Summary:

*Z. Pawlak* had proposed the notion of rough truth in 1987 [Bull. Pol. Acad. Sci., Tech. Sci. 35, 253–258 (1987;

Zbl 0645.03019)]. The present article takes a fresh look at this “soft” truth, and presents a formal system

${\mathcal{L}}_{\mathcal{R}}$ that is shown to be sound and complete with respect to a semantics determined by this notion.
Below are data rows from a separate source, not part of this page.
(* The algebra $\mathcal{A}_{+++}$ is the unital algebra generated by $\tilde k,\tilde l,\tilde p,\tilde q,r,\tilde m,\tilde n,\tilde s,\tilde t$ subject exactly to the $40$ relations $xy=yx=0$ for all $x\in X_1=\{\tilde k,\tilde l,\tilde p,\tilde q,r\}$ and $y\in X_2=\{\tilde m,\tilde n,\tilde s,\tilde t\}$. Consequently, there are no relations among the generators in $X_1$ nor among those in $X_2$, and $\mathcal{A}_{+++}$ is isomorphic to the fibre product $\{(f,g)\in \mathbb{C}\langle X_1\rangle\times\mathbb{C}\langle X_2\rangle : f(0)=g(0)\}$, where $\mathbb{C}\langle X_i\rangle$ is the free unital algebra on $X_i$ and $f(0)$ denotes the constant term.
   Context: Work over $\mathbb{C}$. For $\epsilon_a,\epsilon_b,\epsilon_c\in\{\pm1\}$ let $a_+=b_+=c_+=\tfrac12$, $a_-=\tfrac{\epsilon_a}{2}$, $b_-=\tfrac{\epsilon_b}{2}$, $c_-=\tfrac{\epsilon_c}{2}$. In the ordered basis $e_1\otimes e_1,e_1\otimes e_2,e_1\otimes e_3,e_2\otimes e_1,\dots,e_3\otimes e_3$ of $\mathbb{C}^3\otimes\mathbb{C}^3$ let $$\widehat R=\begin{pmatrix} a_+&0&0&0&0&0&0&0&a_-\\ 0&b_+&0&0&0&0&0&b_-&0\\ 0&0&a_+&0&0&0&a_-&0&0\\ 0&0&0&c_+&0&c_-&0&0&0\\ 0&0&0&0&1&0&0&0&0\\ 0&0&0&c_-&0&c_+&0&0&0\\ 0&0&a_-&0&0&0&a_+&0&0\\ 0&b_-&0&0&0&0&0&b_+&0\\ a_-&0&0&0&0&0&0&0&a_+\end{pmatrix},$$ and $R=P\widehat R$ with $P$ the flip $e_i\otimes e_j\mapsto e_j\otimes e_i$. Let $T=\begin{pmatrix}k&p&l\\ q&r&s\\ m&t&n\end{pmatrix}$, $T_1=T\otimes I_3$, $T_2=I_3\otimes T$, and let $\mathcal{A}_{\epsilon_a\epsilon_b\epsilon_c}$ be the unital associative algebra generated by $k,l,m,n,p,q,r,s,t$ subject to $R\,T_1T_2=T_2T_1R$. $\mathcal{A}_{+++}$ denotes the case $\epsilon_a=\epsilon_b=\epsilon_c=+1$. New generators: $\tilde k=\tfrac12(k+n)$, $\tilde n=\tfrac12(k-n)$, $\tilde l=\tfrac12(l+m)$, $\tilde m=\tfrac12(l-m)$, $\tilde p=\tfrac12(p+t)$, $\tilde t=\tfrac12(p-t)$, $\tilde q=\tfrac12(q+s)$, $\tilde s=\tfrac12(q-s)$. *)

From HB Require Import structures.
From mathcomp Require Import all_boot all_order all_algebra.
Set Implicit Arguments. Unset Strict Implicit. Unset Printing Implicit Defensive.
Import Order.TTheory GRing.Theory Num.Theory.
Local Open Scope ring_scope.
${\mathcal{L}}_{\mathcal{R}}$ is based on the modal logic S5. Notable are the rough consequence relation defining

${\mathcal{L}}_{\mathcal{R}}$, and rough consistency (introduced in [

*M. K. Chakraborty* and

*M. Banerjee*, Bull. Pol. Acad. Sci., Math. 41, 299–304 (1993;

Zbl 0795.03036)]), used to prove the completeness result. The former is defined in order to be able to derive roughly true propositions from roughly true premisses in an information system. The motivation for the latter stems from the observation that a proposition and its negation may well be roughly true together. A characterization of

${\mathcal{L}}_{\mathcal{R}}$-consequence shows that the paraconsistent discussive logic

$J$ of Jaśkowski is equivalent to

${\mathcal{L}}_{\mathcal{R}}$. So,

${\mathcal{L}}_{\mathcal{R}}$, developed from a totally independent angle, viz. that of rough set theory, gives an alternative formulation to this well-studied logic. It is further observed that pre-rough logic [

*M. Banerjee* and

*M. K. Chakraborty*, Ann. Soc. Math., Ser. IV, Fundam. Inf. 28, 211–221 (1996;

Zbl 0864.03041)] and 3-valued Łukasiewicz logic are also embeddable into

${\mathcal{L}}_{\mathcal{R}}$.